## [EXERCISE DETAILS]
Having read the listing below, repeat it exactly.

● ● ● ● ●

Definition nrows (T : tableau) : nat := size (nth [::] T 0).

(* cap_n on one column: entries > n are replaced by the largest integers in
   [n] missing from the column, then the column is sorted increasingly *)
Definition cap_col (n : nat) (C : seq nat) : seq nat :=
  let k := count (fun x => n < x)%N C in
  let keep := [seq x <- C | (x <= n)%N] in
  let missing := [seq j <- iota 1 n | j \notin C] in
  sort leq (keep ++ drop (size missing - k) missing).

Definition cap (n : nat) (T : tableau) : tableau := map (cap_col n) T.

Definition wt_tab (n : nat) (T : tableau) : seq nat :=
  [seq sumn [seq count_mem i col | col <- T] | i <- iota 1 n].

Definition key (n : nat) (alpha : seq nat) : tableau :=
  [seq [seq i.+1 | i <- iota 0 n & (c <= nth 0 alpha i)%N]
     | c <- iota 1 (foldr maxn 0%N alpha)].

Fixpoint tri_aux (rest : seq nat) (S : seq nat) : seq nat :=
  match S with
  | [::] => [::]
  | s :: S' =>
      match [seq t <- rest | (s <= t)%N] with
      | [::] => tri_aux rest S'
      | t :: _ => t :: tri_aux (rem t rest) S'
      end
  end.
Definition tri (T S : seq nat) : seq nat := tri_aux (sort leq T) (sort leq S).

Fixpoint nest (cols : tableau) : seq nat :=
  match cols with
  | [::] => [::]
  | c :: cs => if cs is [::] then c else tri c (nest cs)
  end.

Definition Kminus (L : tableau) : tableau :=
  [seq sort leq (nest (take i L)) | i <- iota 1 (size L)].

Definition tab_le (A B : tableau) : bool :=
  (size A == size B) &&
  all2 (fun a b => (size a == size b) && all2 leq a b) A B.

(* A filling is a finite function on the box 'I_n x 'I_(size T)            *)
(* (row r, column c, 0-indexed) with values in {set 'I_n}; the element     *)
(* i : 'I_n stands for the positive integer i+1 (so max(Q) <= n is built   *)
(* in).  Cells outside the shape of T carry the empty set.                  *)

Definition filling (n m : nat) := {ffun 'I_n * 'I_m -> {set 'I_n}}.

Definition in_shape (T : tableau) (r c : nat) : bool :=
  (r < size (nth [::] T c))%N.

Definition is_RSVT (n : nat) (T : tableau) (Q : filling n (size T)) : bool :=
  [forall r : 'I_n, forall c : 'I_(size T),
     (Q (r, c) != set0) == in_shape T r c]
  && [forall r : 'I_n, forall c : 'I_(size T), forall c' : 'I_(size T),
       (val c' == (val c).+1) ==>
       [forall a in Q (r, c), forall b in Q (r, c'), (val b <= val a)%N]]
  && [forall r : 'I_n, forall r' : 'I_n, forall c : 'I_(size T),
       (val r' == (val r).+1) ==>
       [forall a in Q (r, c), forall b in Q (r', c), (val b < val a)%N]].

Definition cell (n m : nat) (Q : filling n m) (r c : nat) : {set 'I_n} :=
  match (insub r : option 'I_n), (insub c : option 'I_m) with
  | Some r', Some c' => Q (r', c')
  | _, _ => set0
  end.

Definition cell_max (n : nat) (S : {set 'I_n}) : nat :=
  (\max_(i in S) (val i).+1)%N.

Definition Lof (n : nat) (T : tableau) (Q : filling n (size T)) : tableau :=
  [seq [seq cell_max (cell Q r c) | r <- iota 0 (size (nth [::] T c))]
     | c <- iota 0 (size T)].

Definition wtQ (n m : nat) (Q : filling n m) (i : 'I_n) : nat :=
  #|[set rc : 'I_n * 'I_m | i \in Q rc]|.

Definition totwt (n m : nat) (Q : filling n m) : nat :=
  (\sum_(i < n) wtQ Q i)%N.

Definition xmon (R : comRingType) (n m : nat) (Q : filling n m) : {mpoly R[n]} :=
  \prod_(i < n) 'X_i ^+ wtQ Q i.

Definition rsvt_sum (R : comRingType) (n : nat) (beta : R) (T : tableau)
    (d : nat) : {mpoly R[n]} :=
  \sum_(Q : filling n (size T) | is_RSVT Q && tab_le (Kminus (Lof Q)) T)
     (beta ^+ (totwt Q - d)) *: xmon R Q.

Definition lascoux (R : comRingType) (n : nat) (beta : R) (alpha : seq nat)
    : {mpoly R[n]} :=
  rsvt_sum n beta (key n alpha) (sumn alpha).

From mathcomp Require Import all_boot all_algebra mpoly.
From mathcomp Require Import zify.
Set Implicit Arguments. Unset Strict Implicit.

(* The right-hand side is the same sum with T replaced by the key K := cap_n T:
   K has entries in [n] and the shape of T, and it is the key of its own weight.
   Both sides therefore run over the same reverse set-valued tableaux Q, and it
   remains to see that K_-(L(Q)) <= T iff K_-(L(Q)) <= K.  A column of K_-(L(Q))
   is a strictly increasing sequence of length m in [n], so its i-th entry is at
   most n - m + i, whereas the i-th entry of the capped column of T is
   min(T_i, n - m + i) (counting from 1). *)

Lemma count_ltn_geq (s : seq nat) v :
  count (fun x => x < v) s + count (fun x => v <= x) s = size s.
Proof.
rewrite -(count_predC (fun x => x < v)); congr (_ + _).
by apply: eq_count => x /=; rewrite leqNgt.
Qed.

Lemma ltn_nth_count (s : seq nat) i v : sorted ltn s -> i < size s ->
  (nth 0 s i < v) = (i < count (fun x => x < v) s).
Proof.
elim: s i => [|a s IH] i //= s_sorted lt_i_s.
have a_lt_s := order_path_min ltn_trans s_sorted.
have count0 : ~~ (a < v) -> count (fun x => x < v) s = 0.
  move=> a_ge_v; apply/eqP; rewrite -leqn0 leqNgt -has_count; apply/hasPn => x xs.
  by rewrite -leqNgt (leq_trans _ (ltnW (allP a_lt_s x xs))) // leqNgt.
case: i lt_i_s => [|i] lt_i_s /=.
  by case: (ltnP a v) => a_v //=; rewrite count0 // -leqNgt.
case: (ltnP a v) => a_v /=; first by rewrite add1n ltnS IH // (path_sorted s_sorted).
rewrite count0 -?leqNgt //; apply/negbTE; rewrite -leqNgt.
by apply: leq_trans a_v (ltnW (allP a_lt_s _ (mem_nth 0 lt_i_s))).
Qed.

● ● ● ● ●

## [OUTPUT OF THE EXERCISE]
Definition nrows (T : tableau) : nat := size (nth [::] T 0).

(* cap_n on one column: entries > n are replaced by the largest integers in
   [n] missing from the column, then the column is sorted increasingly *)
Definition cap_col (n : nat) (C : seq nat) : seq nat :=
  let k := count (fun x => n < x)%N C in
  let keep := [seq x <- C | (x <= n)%N] in
  let missing := [seq j <- iota 1 n | j \notin C] in
  sort leq (keep ++ drop (size missing - k) missing).

Definition cap (n : nat) (T : tableau) : tableau := map (cap_col n) T.

Definition wt_tab (n : nat) (T : tableau) : seq nat :=
  [seq sumn [seq count_mem i col | col <- T] | i <- iota 1 n].

Definition key (n : nat) (alpha : seq nat) : tableau :=
  [seq [seq i.+1 | i <- iota 0 n & (c <= nth 0 alpha i)%N]
     | c <- iota 1 (foldr maxn 0%N alpha)].

Fixpoint tri_aux (rest : seq nat) (S : seq nat) : seq nat :=
  match S with
  | [::] => [::]
  | s :: S' =>
      match [seq t <- rest | (s <= t)%N] with
      | [::] => tri_aux rest S'
      | t :: _ => t :: tri_aux (rem t rest) S'
      end
  end.
Definition tri (T S : seq nat) : seq nat := tri_aux (sort leq T) (sort leq S).

Fixpoint nest (cols : tableau) : seq nat :=
  match cols with
  | [::] => [::]
  | c :: cs => if cs is [::] then c else tri c (nest cs)
  end.

Definition Kminus (L : tableau) : tableau :=
  [seq sort leq (nest (take i L)) | i <- iota 1 (size L)].

Definition tab_le (A B : tableau) : bool :=
  (size A == size B) &&
  all2 (fun a b => (size a == size b) && all2 leq a b) A B.

(* A filling is a finite function on the box 'I_n x 'I_(size T)            *)
(* (row r, column c, 0-indexed) with values in {set 'I_n}; the element     *)
(* i : 'I_n stands for the positive integer i+1 (so max(Q) <= n is built   *)
(* in).  Cells outside the shape of T carry the empty set.                  *)

Definition filling (n m : nat) := {ffun 'I_n * 'I_m -> {set 'I_n}}.

Definition in_shape (T : tableau) (r c : nat) : bool :=
  (r < size (nth [::] T c))%N.

Definition is_RSVT (n : nat) (T : tableau) (Q : filling n (size T)) : bool :=
  [forall r : 'I_n, forall c : 'I_(size T),
     (Q (r, c) != set0) == in_shape T r c]
  && [forall r : 'I_n, forall c : 'I_(size T), forall c' : 'I_(size T),
       (val c' == (val c).+1) ==>
       [forall a in Q (r, c), forall b in Q (r, c'), (val b <= val a)%N]]
  && [forall r : 'I_n, forall r' : 'I_n, forall c : 'I_(size T),
       (val r' == (val r).+1) ==>
       [forall a in Q (r, c), forall b in Q (r', c), (val b < val a)%N]].

Definition cell (n m : nat) (Q : filling n m) (r c : nat) : {set 'I_n} :=
  match (insub r : option 'I_n), (insub c : option 'I_m) with
  | Some r', Some c' => Q (r', c')
  | _, _ => set0
  end.

Definition cell_max (n : nat) (S : {set 'I_n}) : nat :=
  (\max_(i in S) (val i).+1)%N.

Definition Lof (n : nat) (T : tableau) (Q : filling n (size T)) : tableau :=
  [seq [seq cell_max (cell Q r c) | r <- iota 0 (size (nth [::] T c))]
     | c <- iota 0 (size T)].

Definition wtQ (n m : nat) (Q : filling n m) (i : 'I_n) : nat :=
  #|[set rc : 'I_n * 'I_m | i \in Q rc]|.

Definition totwt (n m : nat) (Q : filling n m) : nat :=
  (\sum_(i < n) wtQ Q i)%N.

Definition xmon (R : comRingType) (n m : nat) (Q : filling n m) : {mpoly R[n]} :=
  \prod_(i < n) 'X_i ^+ wtQ Q i.

Definition rsvt_sum (R : comRingType) (n : nat) (beta : R) (T : tableau)
    (d : nat) : {mpoly R[n]} :=
  \sum_(Q : filling n (size T) | is_RSVT Q && tab_le (Kminus (Lof Q)) T)
     (beta ^+ (totwt Q - d)) *: xmon R Q.

Definition lascoux (R : comRingType) (n : nat) (beta : R) (alpha : seq nat)
    : {mpoly R[n]} :=
  rsvt_sum n beta (key n alpha) (sumn alpha).

From mathcomp Require Import all_boot all_algebra mpoly.
From mathcomp Require Import zify.
Set Implicit Arguments. Unset Strict Implicit.

(* The right-hand side is the same sum with T replaced by the key K := cap_n T:
   K has entries in [n] and the shape of T, and it is the key of its own weight.
   Both sides therefore run over the same reverse set-valued tableaux Q, and it
   remains to see that K_-(L(Q)) <= T iff K_-(L(Q)) <= K.  A column of K_-(L(Q))
   is a strictly increasing sequence of length m in [n], so its i-th entry is at
   most n - m + i, whereas the i-th entry of the capped column of T is
   min(T_i, n - m + i) (counting from 1). *)

Lemma count_ltn_geq (s : seq nat) v :
  count (fun x => x < v) s + count (fun x => v <= x) s = size s.
Proof.
rewrite -(count_predC (fun x => x < v)); congr (_ + _).
by apply: eq_count => x /=; rewrite leqNgt.
Qed.

Lemma ltn_nth_count (s : seq nat) i v : sorted ltn s -> i < size s ->
  (nth 0 s i < v) = (i < count (fun x => x < v) s).
Proof.
elim: s i => [|a s IH] i //= s_sorted lt_i_s.
have a_lt_s := order_path_min ltn_trans s_sorted.
have count0 : ~~ (a < v) -> count (fun x => x < v) s = 0.
  move=> a_ge_v; apply/eqP; rewrite -leqn0 leqNgt -has_count; apply/hasPn => x xs.
  by rewrite -leqNgt (leq_trans _ (ltnW (allP a_lt_s x xs))) // leqNgt.
case: i lt_i_s => [|i] lt_i_s /=.
  by case: (ltnP a v) => a_v //=; rewrite count0 // -leqNgt.
case: (ltnP a v) => a_v /=; first by rewrite add1n ltnS IH // (path_sorted s_sorted).
rewrite count0 -?leqNgt //; apply/negbTE; rewrite -leqNgt.
by apply: leq_trans a_v (ltnW (allP a_lt_s _ (mem_nth 0 lt_i_s))).
Qed.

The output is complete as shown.